Its only close but smaller cousin is the Tevatron Collider at the U.S. highenergy physics laboratory outside Chicago called Fermilab, where protons
and anti-protons, the actual anti-matter counterparts to protons, are
brought up to energies one trillion times higher than everyday atomic
energies, and then aimed at each other in head-on collisions. The most
fundamental stuff of our known universe is produced at Fermilab: the six
quarks that make up most of all visible matter, the leptons like the familiar
electron that partner with the quarks, and the presently known force
carriers. All of these particles, presumably, existed only at the beginning of
the universe, and only now have all been re-created at Fermilab.
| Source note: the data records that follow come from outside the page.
(* Let $X$ be a shift space and $N\ge0$. The following are equivalent: (1) the extension graph $\mathcal{E}_X(v)$ is acyclic for every $v\in\mathcal{L}(X)$ with $|v|<N$; (2) the graph $G^L_n(X)$ is acyclic for the labeling for every $n\le N$; (3) the graph $G^R_n(X)$ is acyclic for the labeling for every $n\le N$.
   Context: $X\subseteq\mathcal{A}^{\mathbb{Z}}$ is a shift space over a finite alphabet $\mathcal{A}$ with language $\mathcal{L}(X)$, $\mathcal{L}_n(X)$ its words of length $n$. For $v\in\mathcal{L}(X)$, $E^L_X(v)=\{a:av\in\mathcal{L}(X)\}$, $E^R_X(v)=\{b:vb\in\mathcal{L}(X)\}$, and $\mathcal{E}_X(v)$ is the bipartite graph whose vertices are the disjoint union of $\{a^L:a\in E^L_X(v)\}$ and $\{b^R:b\in E^R_X(v)\}$, with an edge $\{a^L,b^R\}$ whenever $avb\in\mathcal{L}(X)$. $G^L_n(X)$ (resp. $G^R_n(X)$) is the multigraph with labeled edges whose vertex set is $\mathcal{A}$ and which has, for each $v\in\mathcal{L}_n(X)$ and each pair of distinct $a,b\in E^L_X(v)$ (resp. $a,b\in E^R_X(v)$), an undirected edge labeled $v$ between $a$ and $b$. A multigraph with labeled edges is acyclic for the labeling if every simple cycle in it uses only edges with the same label. *)

From mathcomp Require Import all_boot all_order all_algebra.
Set Implicit Arguments. Unset Strict Implicit. Unset Printing Implicit Defensive.
Import GRing.Theory Num.Theory.
Local Open Scope ring_scope.

Definition config (A : finType) := int -> A.

Definition shift_map (A : finType) (x : config A) : config A := fun i => x (i + 1).

(* A shift space: a subset of A^Z that is shift-invariant (sigma(X) = X)
   and closed in the product topology (A discrete). *)
Definition shift_space (A : finType) (X : config A -> Prop) : Prop :=
  (forall x, X x -> X (shift_map x)) /\
  (forall x, X x -> exists y, X y /\ shift_map y = x) /\
  (forall x : config A,
     (forall n : nat, exists y, X y /\ forall i : int, `|i| <= n%:R -> y i = x i) ->
     X x).

Definition in_lang (A : finType) (X : config A -> Prop) (w : seq A) : Prop :=
  exists x, X x /\ exists i : int, w = mkseq (fun k => x (i + k%:Z)) (size w).

Definition extL (A : finType) (X : config A -> Prop) (v : seq A) (a : A) : Prop :=
  in_lang X (a :: v).
Definition extR (A : finType) (X : config A -> Prop) (v : seq A) (b : A) : Prop :=
  in_lang X (rcons v b).

(* Extension graph E_X(v): bipartite graph on (left copies) + (right copies);
   inl a stands for a^L, inr b for b^R. *)
Definition ext_graph_adj (A : finType) (X : config A -> Prop) (v : seq A)
  (p q : A + A) : Prop :=
  match p, q with
  | inl a, inr b => extL X v a /\ extR X v b /\ in_lang X (a :: rcons v b)
  | inr b, inl a => extL X v a /\ extR X v b /\ in_lang X (a :: rcons v b)
  | _, _ => False
  end.

Definition graph_acyclic (V : eqType) (adj : V -> V -> Prop) : Prop :=
  ~ exists (vs : seq V) (x0 : V),
      [/\ 3 <= size vs, uniq vs &
          forall i, i < size vs ->
            adj (nth x0 vs i) (nth x0 vs ((i.+1) %% size vs))]%N.

(* A multigraph with labeled edges on vertex set V, labels in L, given by
   edge l a b : "there is an (undirected) edge labeled l between a and b"
   (at most one edge with given label and endpoints). *)
Definition simple_cycle (V L : eqType) (edge : L -> V -> V -> Prop)
  (vs : seq V) (ls : seq L) (x0 : V) (l0 : L) : Prop :=
  let k := size vs in
  let a i := nth x0 vs i in
  let b i := nth x0 vs ((i.+1) %% k) in
  let l i := nth l0 ls i in
  [/\ (2 <= k)%N, size ls = k, uniq vs,
      (forall i, (i < k)%N -> edge (l i) (a i) (b i)) &
      (forall i j, (i < j)%N -> (j < k)%N ->
         ~ (l i = l j /\ ((a i = a j /\ b i = b j) \/ (a i = b j /\ b i = a j))))].

Definition acyclic_for_labeling (V L : eqType) (edge : L -> V -> V -> Prop) : Prop :=
  forall vs ls x0 l0, simple_cycle edge vs ls x0 l0 ->
    forall i j, (i < size ls)%N -> (j < size ls)%N -> nth l0 ls i = nth l0 ls j.

Definition GL_edge (A : finType) (X : config A -> Prop) (n : nat)
  (v : seq A) (a b : A) : Prop :=
  [/\ in_lang X v, size v = n, a <> b, extL X v a & extL X v b].
Definition GR_edge (A : finType) (X : config A -> Prop) (n : nat)
  (v : seq A) (a b : A) : Prop :=
  [/\ in_lang X v, size v = n, a <> b, extR X v a & extR X v b].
The particle collider itself is half the story. In parallel, huge detectors
capable of identifying these speculated force carriers are being built and
installed at four interaction points around the ring. The detectors have
been designed, prototyped and built in universities and laboratories around
the world over the past 10 years, including at Iowa State University and
the University of Iowa. The United States has contributed about $300
million to the building of the two larger detectors.
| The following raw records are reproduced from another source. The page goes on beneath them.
Lemma sum_g_mul f f' : \sum_q g f q * g f' q = Q%:R *+ (f == f').
Proof.
rewrite (eq_bigr _ (fun q _ => g_mul f f' q)) sum_prod_iotak.
have [<-|ff'] := eqVneq f f'.
  by rewrite (_ : [set _ | _] = set0) ?eqxx //; apply/setP => k; rewrite !inE eqxx.
rewrite (_ : (_ == set0) = false) //; apply: contraNF ff' => /eqP D0.
by apply/eqP/eff_inj/setP => k; have := in_set0 k; rewrite -D0 inE => /negbFE/eqP.
Qed.

Lemma sum_g f : \sum_q g f q = 0.
Proof. by have := sum_prod_iotak (eff f); rewrite (negbTE (eff_neq0 f)). Qed.

Definition contrastmx : 'M[R]_(F, Q) := \matrix_(f, q) g f q.

Lemma contrastmx_orth : contrastmx *m contrastmx^T = Q%:R%:M.
Proof.
apply/matrixP => f f'; rewrite !mxE -sum_g_mul.
by apply: eq_bigr => q _; rewrite !mxE.
Qed.

Lemma row_free_contrastmx : row_free contrastmx.
Proof.
apply/row_freeP; exists (Q%:R^-1 *: contrastmx^T).
by rewrite -scalemxAr contrastmx_orth scale_scalar_mx mulVf ?Q_neq0.
Qed.

(* Together with the constant row, the contrasts form a square matrix [G] with
   orthogonal rows; hence [G^T G = Q] too, i.e. only constants are contrast-free. *)
Lemma contrastmx_ker (d : 'cV[R]_Q) :
  contrastmx *m d = 0 -> d = const_mx (Q%:R^-1 * \sum_q d q 0).
Proof.
move=> Bd0; pose u : 'rV[R]_Q := const_mx 1; pose G := col_mx u contrastmx.
have GGT : G *m G^T = Q%:R%:M.
  rewrite tr_col_mx mul_col_row contrastmx_orth [RHS]scalar_mx_block.
  congr block_mx; apply/matrixP => i j; rewrite !mxE.
  - rewrite [i]ord1 [j]ord1 mulr1n (eq_bigr (fun _ => 1)) ?sumr_const ?card_ord //.
    by move=> q _; rewrite !mxE mulr1.
  - by under eq_bigr do rewrite !mxE mul1r; apply: sum_g.
  - by under eq_bigr do rewrite !mxE mulr1; apply: sum_g.
have GTG : G^T *m G = Q%:R%:M.
  have /(mulmx1C_cast Q_split) : G *m (Q%:R^-1 *: G^T) = 1%:M.
    by rewrite -scalemxAr GGT scale_scalar_mx mulVf ?Q_neq0.
  rewrite -scalemxAl => /(congr1 ( *:%R Q%:R)).
  by rewrite scalerA divff ?Q_neq0 // scale1r scale_scalar_mx mulr1.
have : Q%:R *: d = u^T *m (u *m d).
  rewrite -mul_scalar_mx -GTG -mulmxA mul_col_mx Bd0 tr_col_mx mul_row_col.
  by rewrite mulmx0 addr0.
move/(congr1 ( *:%R Q%:R^-1)); rewrite scalerA mulVf ?Q_neq0 // scale1r => {1}->.
apply/matrixP => q j; rewrite !mxE big_ord1 !mxE mul1r; congr (_ * _).
by apply: eq_bigr => q' _; rewrite !mxE mul1r [j]ord1.
Qed.
(* For every integer $t \geq 1$, there exists a connected non-bipartite graph whose adjacency matrix has exactly five distinct eigenvalues and which has exactly $t$ distinct valencies (vertex degrees).
   Context: Eigenvalues of a graph are the eigenvalues of its adjacency matrix. Graphs are finite, simple and undirected. *)

From HB Require Import structures.
From mathcomp Require Import all_boot all_order all_algebra.
From mathcomp Require Import algC.
Set Implicit Arguments. Unset Strict Implicit. Unset Printing Implicit Defensive.
Import Order.TTheory GRing.Theory Num.Theory.
Local Open Scope ring_scope.

Definition simple_graph (T : finType) (e : rel T) : Prop :=
  symmetric e /\ irreflexive e.

Definition adj_mx (T : finType) (e : rel T) : 'M[algC]_#|T| :=
  \matrix_(i, j) (e (enum_val i) (enum_val j))%:R.

Definition num_distinct_eigenvalues (T : finType) (e : rel T) (k : nat) : Prop :=
  exists s : seq algC, uniq s /\ size s = k /\
    forall a : algC, eigenvalue (adj_mx e) a <-> a \in s.

Definition connected_graph (T : finType) (e : rel T) : Prop :=
  (0 < #|T|)%N /\ forall x y : T, connect e x y.

Definition bipartite (T : finType) (e : rel T) : Prop :=
  exists f : T -> bool, forall x y, e x y -> f x != f y.

Definition degree (T : finType) (e : rel T) (x : T) : nat := #|[set y | e x y]|.

Definition num_valencies (T : finType) (e : rel T) : nat :=
  size (undup [seq degree e x | x <- enum T]).

From mathcomp Require Import all_boot all_order all_algebra algC zify ring.
Set Implicit Arguments. Unset Strict Implicit. Unset Printing Implicit Defensive.
Import Order.TTheory GRing.Theory Num.Theory.
Local Open Scope ring_scope.

(* The graphs are complements of disjoint unions of complete multipartite graphs.  In such
   a complement a vertex is adjacent to everything except the other parts of its own
   component, so an eigenvector for an eigenvalue [a <> -1] is constant on each part and the
   spectrum is governed by a linear system indexed by the parts, in [y = a + 1].
   Taking two copies of each [K_{p_d,q_d}] with [p_d q_d = r^2], not all balanced, the system
   forces [y = 0, r, -r] or [y] a root of [y^2 - N y + K - r^2] ([N] vertices,
   [K = sum p_d q_d] over ordered parts), and all five values occur.  The degree of a vertex is
   [N - 1 - (size of the opposite part)], so the part sizes [4^i, 4^(t-1-i)] ([i < t]) give
   [t] valencies.  Regular members of this family have [y = r] as a root of the quadratic, so
   for [t = 1] the complement of [K_3 + C_4], with spectrum [{4, 1, 0, -1, -3}], is used. *)

Lemma eigenvalue_adj_mxP (T : finType) (e : rel T) (a : algC) :
  eigenvalue (adj_mx e) a <->
  exists f : T -> algC, (exists x, f x != 0) /\
    forall y, \sum_x f x * (e x y)%:R = a * f y.
Proof.
have mulA_row (v : 'rV_#|T|) j :
    (v *m adj_mx e) 0 j = \sum_x v 0 (enum_rank x) * (e x (enum_val j))%:R.
  rewrite !mxE (big_enum_val (A:=T)) /=.
  by apply: eq_bigr => i _; rewrite !mxE enum_valK.
split.
  move/eigenvalueP=> [v vA v_neq0]; exists (fun x => v 0 (enum_rank x)); split.
    have [i vi] : exists i, v 0 i != 0.
      apply/existsP; move: v_neq0; apply: contraR; rewrite negb_exists => /forallP v0.
      by apply/eqP/rowP => i; rewrite mxE; apply/eqP; have := v0 i; rewrite negbK.
    by exists (enum_val i); rewrite enum_valK.
  move=> y; have := congr1 (fun M : 'rV_#|T| => M 0 (enum_rank y)) vA.
  by rewrite mulA_row enum_rankK mxE => ->.
move=> [f [[x fx] fA]]; apply/eigenvalueP.
exists (\row_i f (enum_val i)).
  apply/rowP => j; rewrite mulA_row !mxE -fA.
  by apply: eq_bigr => z _; rewrite mxE enum_rankK.
apply/eqP => /rowP /(_ (enum_rank x)); rewrite !mxE enum_rankK => f0.
by rewrite f0 eqxx in fx.
Qed.

Lemma sum_mul_indicator (T : finType) (f : T -> algC) (P : pred T) :
  \sum_x f x * (P x)%:R = \sum_(x | P x) f x.
Proof.
by rewrite [RHS]big_mkcond; apply: eq_bigr => x _; case: (P x); rewrite ?mulr1 ?mulr0.
Qed.

Lemma num_valencies_eq (T : finType) (e : rel T) (s : seq nat) :
  uniq s -> (forall d, d \in s <-> exists x, degree e x = d) ->
  num_valencies e = size s.
Proof.
move=> s_uniq s_deg; rewrite /num_valencies -(undup_id s_uniq).
apply/perm_size/perm_undup => d; apply/mapP/idP.
  by move=> [x _ ->]; apply/s_deg; exists x.
by move/s_deg=> [x <-]; exists x; rewrite ?mem_enum.
Qed.

Section ComplementOfMultipartite.

Variables (C P : finType) (n : C * P -> nat).

Definition vertex : finType := {b : C * P & 'I_(n b)}.

Definition vertex_at b (i : 'I_(n b)) : vertex := Tagged (fun b => 'I_(n b)) i.

Definition multipartite_adj (x y : vertex) :=
  ((tag x).1 == (tag y).1) && ((tag x).2 != (tag y).2).

Definition co_adj (x y : vertex) := (x != y) && ~~ multipartite_adj x y.

Lemma simple_graph_co_adj : simple_graph co_adj.
Proof.
split=> [x y|x]; last by rewrite /co_adj eqxx.
by rewrite /co_adj /multipartite_adj eq_sym [_.1 == _]eq_sym [_.2 == _]eq_sym.
Qed.

Lemma block_gt0 (x : vertex) : (0 < n (tag x))%N.
Proof. exact: leq_ltn_trans (leq0n _) (ltn_ord (tagged x)). Qed.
A U.S. business executive once remarked that the best technology transfer
was the van that carried the new physics Ph.D. from the university to
industry, and this includes my student Bryan Lauer, who earned his
doctorate at Iowa State and remarked after his first year at Lucent
Technologies: "I haven't yet had a problem as hard as the problems I
solved at Fermilab."
Such young people are at the edge of knowledge, where they solve
problems not previously even conceived. The World Wide Web was
invented by Timothy Berners-Lee at CERN to solve the problem of how an
LHC physicist in Lubbock, Texas, would communicate with a Dutch
engineer in Switzerland about a 100-ton fixture made in Iran to support iron
wedges from Russia outfitted with sensors from Iowa City, and to be
calibrated by a student from Turkey. But it is more than software and
superconductors. There are new electronics, detectors and instruments
both faster and more accurate than anything before that drive down the
costs of new technologies in medicine, communications, space and energy
research.
Although some object that high-energy physics is a waste of money, the
costs for all of this is equivalent to a few weeks of war in Iraq. I worked with
physicists from the Soviet Union in the mid-70s, when the United States
and Soviet Union were in a nuclear death dance. I have found that
communication, negotiation and working together reveal that people all
over the Earth share the same human values and aspirations.
In centuries past, Europe was drenched in repeated wars, but no longer.
Spending money on international science - on archaeology in Syria and
Iraq, on nuclear fusion for power generation in Japan and France - is
cheaper than war.
JOHN HAUPTMAN is a professor of physics at Iowa State University.